The most healing part of this journey has been the more I’ve been able to share, the more I’ve been able to help others and the deeper my relationships have gotten. By not hiding it, I was respecting myself and our relationship. If I don’t communicate myself and my needs with the people I spent my time with, how could they help? And help they did. With each conversation, the people who love and care about me helped. They held space. They changed the way they joked. They opened up and shared themselves with me, too.
I was inspired by the people in my life who did it first. My friends and acquaintances who shared their stories with such loving honesty and acceptance, they created the safe spaces for me to start looking inward. I wanted to pay their kindness forward by living just as openly, just as authentically, and just as acceptingly. In order to do so, that meant I had to embrace my trauma brain and stop awkwardly laughing along when it was triggered. I had to stop letting it control me and keep me in a state of survival mode where I constantly felt unsafe. I had to take back control not by denying it, not by berating it, and not by trivializing it. I had to take back control by loving my trauma brain and thanking it for all the times it kept me safe. Loving it for getting me to where I am. Loving it for protecting me and defending me. I had to take back control by letting my trauma brain know that it did its job and I’m safe now, so it doesn’t need to be so worried all the time.
It's an ongoing process and I accept that it will be for the rest of my life, but each day gets easier. Each month gets lighter. With time, it won’t be so much work.
Now that I wasn’t holding back this huge part of myself, I was fully present and living my authenticity. I was finally able to shine my light and when I did, I was able to use the wisdom I’ve gained from my experiences to help others while they worked through their own healing and understanding. I was finally able to be the role model I’ve always wanted to become. I was able to live my truth and step fully into myself so that others can see it’s possible to do the same.

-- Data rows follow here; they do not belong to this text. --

(* Let $T$ be a decomposition tree of a distance-hereditary graph $G$, and let $v$ be an internal node of $T$ labeled $\oplus$ with left child $v_l$ and right child $v_r$, such that property (P) holds at $v_l$ and at $v_r$. Assume $\hat\alpha(v_r)>\hat\beta(v_l)$. Then $\hat\beta(v)=0$.
   Context: All graphs are finite, simple, undirected. For a graph $H$ and $S\subseteq V(H)$, $N_H[S]$ is $S$ together with all vertices adjacent to a vertex of $S$, and $H[S]$ is the induced subgraph. Graphs carry a ''twin set'': a single-vertex graph on $x$ has twin set $\{x\}$. For vertex-disjoint graphs $G_l,G_r$ with twin sets $TS(G_l),TS(G_r)$: the true twin operation $G_l\otimes G_r$ has vertex set $V(G_l)\cup V(G_r)$, edge set $E(G_l)\cup E(G_r)\cup\{uw: u\in TS(G_l), w\in TS(G_r)\}$ and twin set $TS(G_l)\cup TS(G_r)$; the false twin operation $G_l\odot G_r$ has vertex set $V(G_l)\cup V(G_r)$, edge set $E(G_l)\cup E(G_r)$, twin set $TS(G_l)\cup TS(G_r)$; the attachment operation $G_l\oplus G_r$ has the same vertex and edge sets as $G_l\otimes G_r$ and twin set $TS(G_l)$. A decomposition tree $T$ of $G$ is a rooted binary tree whose leaves are in bijection with $V(G)$, each internal node having a left and a right child and a label in $\{\otimes,\odot,\oplus\}$; for each node $v$ define $\hat G(v)$ and $\hat{TS}(v)$ recursively: for a leaf $x$, the single-vertex graph on $x$ with twin set $\{x\}$; for an internal node $v$ with label $\circ$ and children $v_l,v_r$, $\hat G(v)=\hat G(v_l)\circ\hat G(v_r)$ with the corresponding twin set; one requires $\hat G(\text{root})=G$. Then $\hat G(v)$ is the subgraph of $G$ induced by the set $\hat V(v)$ of leaves below $v$. For a node $u$ and $0\le k\le|\hat{TS}(u)|$, call $S\subseteq\hat V(u)$ $k$-feasible if $\hat V(u)\setminus\hat{TS}(u)\subseteq N_{\hat G(u)}[S]$ and there is $X\subseteq S\cap\hat{TS}(u)$ with $|X|=k$ such that $\hat G(u)[S\setminus X]$ has a perfect matching. $\hat\gamma_k(u)$ is the minimum size of a $k$-feasible set. $\hat{min}(u)=\min\{\hat\gamma_k(u):0\le k\le|\hat{TS}(u)|\}$, and $\hat\alpha(u)$, $\hat\beta(u)$ are the smallest and the largest $k$ with $\hat\gamma_k(u)=\hat{min}(u)$. Property (P) holds at $u$ if for every $0\le k\le|\hat{TS}(u)|$: $\hat\gamma_k(u)=\hat{min}(u)+\hat\alpha(u)-k$ when $k\le\hat\alpha(u)$; $\hat\gamma_k(u)=\hat{min}(u)+k-\hat\beta(u)$ when $k\ge\hat\beta(u)$; $\hat\gamma_k(u)=\hat{min}(u)$ when $\hat\alpha(u)<k<\hat\beta(u)$ and $k-\hat\alpha(u)$ is even; and $\hat\gamma_k(u)=\hat{min}(u)+1$ otherwise. *)

From mathcomp Require Import all_boot.
Set Implicit Arguments.
Unset Strict Implicit.
Unset Printing Implicit Defensive.

(* Labels of internal nodes: true twin (otimes), false twin (odot),
   attachment (oplus). *)
Inductive dlabel := OTrue | OFalse | OAttach.

Inductive dtree (T : Type) :=
  | Leaf of T
  | Node of dlabel & dtree T & dtree T.
Arguments Leaf {T}.
Arguments Node {T}.

(* [subtree s t]: s is (the subtree rooted at) a node of t. *)
Inductive subtree (T : Type) : dtree T -> dtree T -> Prop :=
  | st_refl t : subtree t t
  | st_left s o l r : subtree s l -> subtree s (Node o l r)
  | st_right s o l r : subtree s r -> subtree s (Node o l r).

Section Defs.
Variable T : finType.

Fixpoint leaves (t : dtree T) : seq T :=
  match t with
  | Leaf x => [:: x]
  | Node _ l r => leaves l ++ leaves r
  end.

Definition hatV (t : dtree T) : {set T} := [set x | x \in leaves t].

Fixpoint twins (t : dtree T) : {set T} :=
  match t with
  | Leaf x => [set x]
  | Node OAttach l _ => twins l
  | Node _ l r => twins l :|: twins r
  end.

Definition joins (o : dlabel) : bool := if o is OFalse then false else true.

Fixpoint tedge (t : dtree T) : rel T :=
  match t with
  | Leaf _ => fun _ _ => false
  | Node o l r => fun x y =>
      [|| tedge l x y, tedge r x y |
          joins o && (((x \in twins l) && (y \in twins r))
                      || ((y \in twins l) && (x \in twins r)))]
  end.

Definition decomp_tree (e : rel T) (t : dtree T) : Prop :=
  [/\ uniq (leaves t), (forall x, x \in leaves t) & (forall x y, e x y = tedge t x y)].

Definition has_walk (e : rel T) (A : {set T}) (u v : T) (n : nat) : bool :=
  [exists p : n.-tuple T, [&& path e u p, all (fun x => x \in A) p & last u p == v]].

Definition distance_hereditary (e : rel T) : Prop :=
  forall (A : {set T}) (u v : T), u \in A -> v \in A ->
    (exists n, has_walk e A u v n) ->
    forall n, has_walk e setT u v n -> exists2 m, m <= n & has_walk e A u v m.

Definition has_pm (E : rel T) (A : {set T}) : bool :=
  [exists M : {set {set T}},
     [forall m in M, exists x, exists y,
        [&& x \in A, y \in A, x != y, E x y & m == [set x; y]]]
     && [forall x in A, #|[set m in M | x \in m]| == 1]].

Definition cnbh (t : dtree T) (S : {set T}) : {set T} :=
  [set x in hatV t | (x \in S) || [exists y in S, tedge t x y]].

Definition feasible (t : dtree T) (k : nat) (S : {set T}) : bool :=
  [&& S \subset hatV t, hatV t :\: twins t \subset cnbh t S &
      [exists X : {set T}, [&& X \subset S :&: twins t, #|X| == k &
                               has_pm (tedge t) (S :\: X)]]].

(* \hat\gamma_k(u): minimum size of a k-feasible set
   (#|T|.+1 plays the role of +infinity; k-feasible sets always exist
   for 0 <= k <= |TS(u)|, so this default is never attained there). *)
Definition gamma (t : dtree T) (k : nat) : nat :=
  \big[minn/#|T|.+1]_(S : {set T} | feasible t k S) #|S|.

Definition tsize (t : dtree T) : nat := #|twins t|.

Definition hmin (t : dtree T) : nat :=
  \big[minn/#|T|.+1]_(k < (tsize t).+1) gamma t k.

Definition halpha (t : dtree T) : nat :=
  \big[minn/tsize t]_(k < (tsize t).+1 | gamma t k == hmin t) (k : nat).

Definition hbeta (t : dtree T) : nat :=
  \max_(k < (tsize t).+1 | gamma t k == hmin t) (k : nat).

Definition propP (t : dtree T) : Prop :=
  forall k, k <= tsize t ->
  [/\ k <= halpha t -> gamma t k = hmin t + (halpha t - k),
      hbeta t <= k -> gamma t k = hmin t + (k - hbeta t),
      halpha t < k < hbeta t -> ~~ odd (k - halpha t) -> gamma t k = hmin t
    & halpha t < k < hbeta t -> odd (k - halpha t) -> gamma t k = (hmin t).+1].

End Defs.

If you’re just starting your healing journey, or if you’re somewhere in the middle of it, just keep going. It’s hard, I know. It’s lonely, I know that, too. It’s exhausting, and trying, and at times you just beg to be done with it all. I know. But it’s so worth it to keep going and get to the other side. It’s so worth it to see this through. Take breaks when you need them. Take time. Take space. Remember, there is no one way to do this and there is no time limit. Healing is an on-going process. You’re doing an amazing job. Be kind to yourself. You wouldn’t expect a goo-blob of a cocooned butterfly to do everything it did as a caterpillar, and you certainly can’t expect it to fly when it’s still in the process of creating wings, so don’t expect those things from yourself, either.
Keep going. I believe in you. I see you. I understand you. I’m here for you. One day, you won’t have to awkwardly laugh along, either.